On Mon, 22 Jan 2024 16:50:53 +0100 Oleg Nesterov <[email protected]> wrote:

> lock_task_sighand() can trigger a hard lockup. If NR_CPUS threads call
> getrusage() at the same time and the process has NR_THREADS, spin_lock_irq
> will spin with irqs disabled O(NR_CPUS * NR_THREADS) time.

It would be super interesting to see Dylan's original report.

Is it possible for carefully-crafted unprivileged userspace to
deliberately trigger this?

2024-01-23 15:59:07

by Oleg Nesterov

[permalink] [raw]
Subject: Re: [PATCH v2 2/2] getrusage: use sig->stats_lock rather than lock_task_sighand()

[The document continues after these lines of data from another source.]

Lemma supersolution_oppr_subsolution H V :
  (forall (phi : 'rV[R]_m * R -> R) (z0 : 'rV[R]_m * R),
     (forall z, differentiable phi z) -> 0 < z0.2 < 1 ->
     (\forall z \near z0, V z.1 z.2 - phi z >= V z0.1 z0.2 - phi z0) ->
     d_t m phi z0 + H (grad_x m phi z0) <= 0) ->
  forall (phi : 'rV[R]_m * R -> R) (z0 : 'rV[R]_m * R),
     (forall z, differentiable phi z) -> 0 < z0.2 < 1 ->
     (\forall z \near z0, - V z.1 z.2 - phi z <= - V z0.1 z0.2 - phi z0) ->
     d_t m phi z0 - H (- grad_x m phi z0) >= 0.
Proof.
move=> V_super phi z0 phi_diff z0_itv z0_max.
have dN : 'd (- phi) z0 = - ('d phi z0 : _ -> R) :> (_ -> R) by rewrite diffN.
have gradN : grad_x m (- phi) z0 = - grad_x m phi z0 by apply/rowP => i; rewrite !mxE dN.
have z0_min : \forall z \near z0, V z.1 z.2 - (- phi) z >= V z0.1 z0.2 - (- phi) z0.
  by apply: filterS z0_max => z; rewrite !fctE; lra.
have := V_super (- phi) z0 (fun z => differentiableN (phi_diff z)) z0_itv z0_min.
rewrite gradN /d_t dN.
have -> : (- ('d phi z0 : _ -> R)) (0, 1) = - 'd phi z0 (0, 1) by [].
lra.
Qed.
Lemma eq0_at_initial_time V x :
  {within [set z : 'rV[R]_m * R | 0 <= z.2 <= 1], continuous (fun z => V z.1 z.2)} ->
  (forall s, 0 < s < 1 -> V x s = 0) -> V x 0 = 0.
Proof.
move=> V_cont V_eq0; apply/eqP/negPn/negP => V0_neq0.
have V0_gt0 : 0 < `|V x 0| by rewrite normr_gt0.
have V_cont0 := (subspace_continuousP _ _).1 V_cont (x, 0) (ltac:(by rewrite /= lexx ler01)).
have := cvgr_dist_lt _ _ V_cont0 _ V0_gt0.
move=> /(_ (within_filter _ _)); rewrite near_withinE => /nbhs_normP [d d_pos near0].
have d_gt0 : 0 < d := d_pos.
have [s [s_gt0 s_le_d s_le_1]] : exists s, [/\ 0 < s, s <= d / 2 & s <= 1 / 2].
  exists (Num.min (d / 2) (1 / 2)); rewrite lt_min !ge_min !lexx orbT.
  by split=> //; apply/andP; split; lra.
have xs_near : ball_ Num.Def.normr (x, 0) d (x, s).
  rewrite /ball_ /= prod_normE /= subrr normr0 sub0r normrN gtr0_norm //.
  by rewrite gt_max; apply/andP; split; lra.
have s_itv : 0 <= s <= 1 by apply/andP; split; lra.
have : `|V x 0 - V x s| < `|V x 0| := near0 (x, s) xs_near s_itv.
by rewrite (V_eq0 s) ?subr0 ?ltxx //; apply/andP; split; lra.
Qed.

Lemma viscosity_eq0_ahead_of_slab {c : R} {H G : 'rV[R]_m -> R} {V}
    {x : 'rV[R]_m} {k : 'I_m} {rho0 : R} :
  0 <= c -> (forall p, H p <= c * \sum_i Num.max (p ord0 i) 0) ->
  (forall p, - H (- p) <= c * \sum_i Num.max (p ord0 i) 0) ->
  viscosity_solution m H G V -> 0 < rho0 ->
  (forall y : 'rV[R]_m, x ord0 k - rho0 < y ord0 k < x ord0 k + c + rho0 -> G y = 0) ->
  forall t, 0 <= t <= 1 -> V x t = 0.
Proof.
move=> c_ge0 H_le H_opp_le [V_cont [V_term [V_sub V_super]]] rho0_gt0 G_eq0.
have V_interior s : 0 < s < 1 -> V x s = 0.
  move=> s_itv; apply/eqP; rewrite eq_le; apply/andP; split.
    apply: (subsolution_le0 c H V c_ge0 H_le V_cont V_sub x s k rho0 s_itv rho0_gt0).
    by move=> y y_in; rewrite V_term G_eq0.
  have negV_cont : {within [set z : 'rV[R]_m * R | 0 <= z.2 <= 1],
      continuous (fun z => - V z.1 z.2)} by move=> z; exact: continuousN (V_cont z).
  rewrite -oppr_le0; apply: (subsolution_le0 c _ (fun y s => - V y s) c_ge0 H_opp_le
    negV_cont (supersolution_oppr_subsolution _ _ V_super) x s k rho0 s_itv rho0_gt0).
  by move=> y y_in; rewrite V_term G_eq0 ?oppr0.
move=> t /andP[t_ge0 t_le1]; have [t_gt0 | t_le0] := ltrP 0 t; last first.
  have -> : t = 0 by lra.
  exact: eq0_at_initial_time V x V_cont V_interior.
have [t_lt1 | t_ge1] := ltrP t 1; first by apply: V_interior; rewrite t_gt0.
have -> : t = 1 by lra.
by rewrite V_term G_eq0 //; apply/andP; split; lra.
Qed.

End ViscosityFacts.

Lemma gprime_eq0_slab {R : realType} {m : nat} (c : R) (x : 'rV[R]_m) : 0 < c ->
  ~~ [forall i, - (3 * c / 2) <= x ord0 i <= 3 * c / 2] ->
  exists k, exists2 rho0, 0 < rho0 &
    forall y : 'rV[R]_m, x ord0 k - rho0 < y ord0 k < x ord0 k + c + rho0 -> gprime m c y = 0.
Proof.
move=> c_gt0; rewrite negb_forall => /existsP[k]; rewrite negb_and -!ltNge => x_out.
have yk_out (y : 'rV[R]_m) : y ord0 k < - (c / 2) \/ 3 * c / 2 < y ord0 k -> gprime m c y = 0.
  move=> y_out; apply: gprime_out; rewrite negb_forall; apply/existsP; exists k.
  by rewrite negb_and -!ltNge; case: y_out => ->; rewrite ?orbT.
exists k; case/orP: x_out => x_out.
- exists (- (3 * c / 2) - x ord0 k); first lra.
  by move=> y /andP[? ?]; apply: yk_out; left; lra.
- exists (x ord0 k - 3 * c / 2); first lra.
  by move=> y /andP[? ?]; apply: yk_out; right; lra.
Qed.

Theorem mainTheorem8 (R : realType) (X : finType) (K m : nat)
  (hm : (2 <= m)%N) (hK : (0 < K)%N) (eps : R) (heps : 0 < eps < 1)
  (nu : 'I_m -> 'I_K -> X -> R)
  (hnu : forall i a, is_dist X (nu i a))
  (hnueps : forall i a x, eps <= nu i a x) :
  let c := ln (eps^-1) in
  let g' := gprime m c in
  ((exists M : R, forall x, `|g' x| <= M) /\
   (exists L : R, forall x y, `|g' x - g' y| <= L * `|x - y|) /\
   compact (closure [set x | g' x != 0]) /\
   (forall x, cubeC m c x -> g' x = gfun m x)) /\
  (forall V : 'rV[R]_m -> R -> R,
     viscosity_solution m (Ham X K m nu) g' V ->
     forall (x : 'rV[R]_m) (t : R), 0 <= t <= 1 ->
       ~~ [forall i, (- (3 * c / 2) <= x ord0 i <= 3 * c / 2)] ->
       V x t = 0).
Proof.
move=> c g'; have [eps_gt0 eps_lt1] := andP heps.
have c_gt0 : 0 < c by rewrite ln_gt0 // invf_gt1.
split.
  split; first by exists c => x; exact: gprime_bound.
  split; first by exists 3 => x y; exact: gprime_lipschitz.
  by split=> [|x]; [exact: gprime_support_compact | exact: gprime_cube].
move=> V V_sol x t t_itv x_out.
have [k [rho0 rho0_gt0 g'_eq0]] := gprime_eq0_slab c x c_gt0 x_out.
apply: (viscosity_eq0_ahead_of_slab (ltW c_gt0) _ _ V_sol rho0_gt0 g'_eq0 t t_itv).
  exact: Ham_le eps nu hK (ltnW hm) eps_gt0 hnu hnueps.
exact: oppr_Ham_opp_le eps nu hK (ltnW hm) eps_gt0 hnu hnueps.
Qed.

On 01/22, Andrew Morton wrote:
>
> On Mon, 22 Jan 2024 16:50:53 +0100 Oleg Nesterov <[email protected]> wrote:
>
> > lock_task_sighand() can trigger a hard lockup. If NR_CPUS threads call
> > getrusage() at the same time and the process has NR_THREADS, spin_lock_irq
> > will spin with irqs disabled O(NR_CPUS * NR_THREADS) time.
>
> It would be super interesting to see Dylan's original report.

from "[RFC PATCH] getrusage: Use trylock when getting sighand lock."
https://lore.kernel.org/all/[email protected]/

Processes with many threads run the risk of causing a hard lockup if
too many threads are calling getrusage() at once. This is because a
calling thread with RUSAGE_SELF spins on the sighand lock with irq
disabled, and the critical section of getrusage scales linearly with the
size of the process. All cpus may end up spinning on the sighand lock
for a long time because another thread has the lock and is busy
iterating over 250k+ threads.

> Is it possible for carefully-crafted unprivileged userspace to
> deliberately trigger this?

Yes, just you need to create a process with a lot of threads calling
getrusage().

See mine and Dylan's test-cases in
https://lore.kernel.org/all/CADBMgpz7k=LhktfcJhSDBDWN0oLeQxPqhOVws3fq0LNpnfOSYg@mail.gmail.com/
There are very similar and simple.


And again, this is a known problem and we need more fixes.

Oleg.


2024-01-23 23:45:55

by Dylan Hatch

[permalink] [raw]
Subject: Re: [PATCH v2 0/2] getrusage: use sig->stats_lock

On Mon, Jan 22, 2024 at 7:51 AM Oleg Nesterov <[email protected]> wrote:
>
> Dylan, do you have something to add?
>
> Oleg.
>

I have one last question -- is there possibly an edge case in which
the hard lockup
can still happen? How likely is it for many writers to force enough
readers to do a
retry on the seqlock, disabling irq and causing the lockup? Is this
not a concern
because there aren't many writers?

Thanks,
Dylan

2024-01-24 00:41:02

by Oleg Nesterov

[permalink] [raw]
Subject: Re: [PATCH v2 0/2] getrusage: use sig->stats_lock

On 01/23, Dylan Hatch wrote:
>
> I have one last question -- is there possibly an edge case in which
> the hard lockup
> can still happen? How likely is it for many writers to force enough
> readers to do a
> retry on the seqlock, disabling irq and causing the lockup?

I don't know how likely is it, and I guess the repro should be more creative ;)

But yes. Please see the TODO: section in the changelog,

- Turn sig->stats_lock into seqcount_rwlock_t, this way the
readers in the slow mode won't exclude each other.

and more importantly,

- stats_lock has to disable irqs because ->siglock can be taken
in irq context, it would be very nice to change __exit_signal()
to avoid the siglock->stats_lock dependency.

There are other users which take stats_lock under siglock (and the
"fs/proc: do_task_stat" series changes 2 of them to not do this), but
__exit_signal() is most problematic.

If we remove this dependency, we can turn read_seqbegin_or_lock_irqsave()
into read_seqbegin_or_lock() which doesn't disable irqs.

Oleg.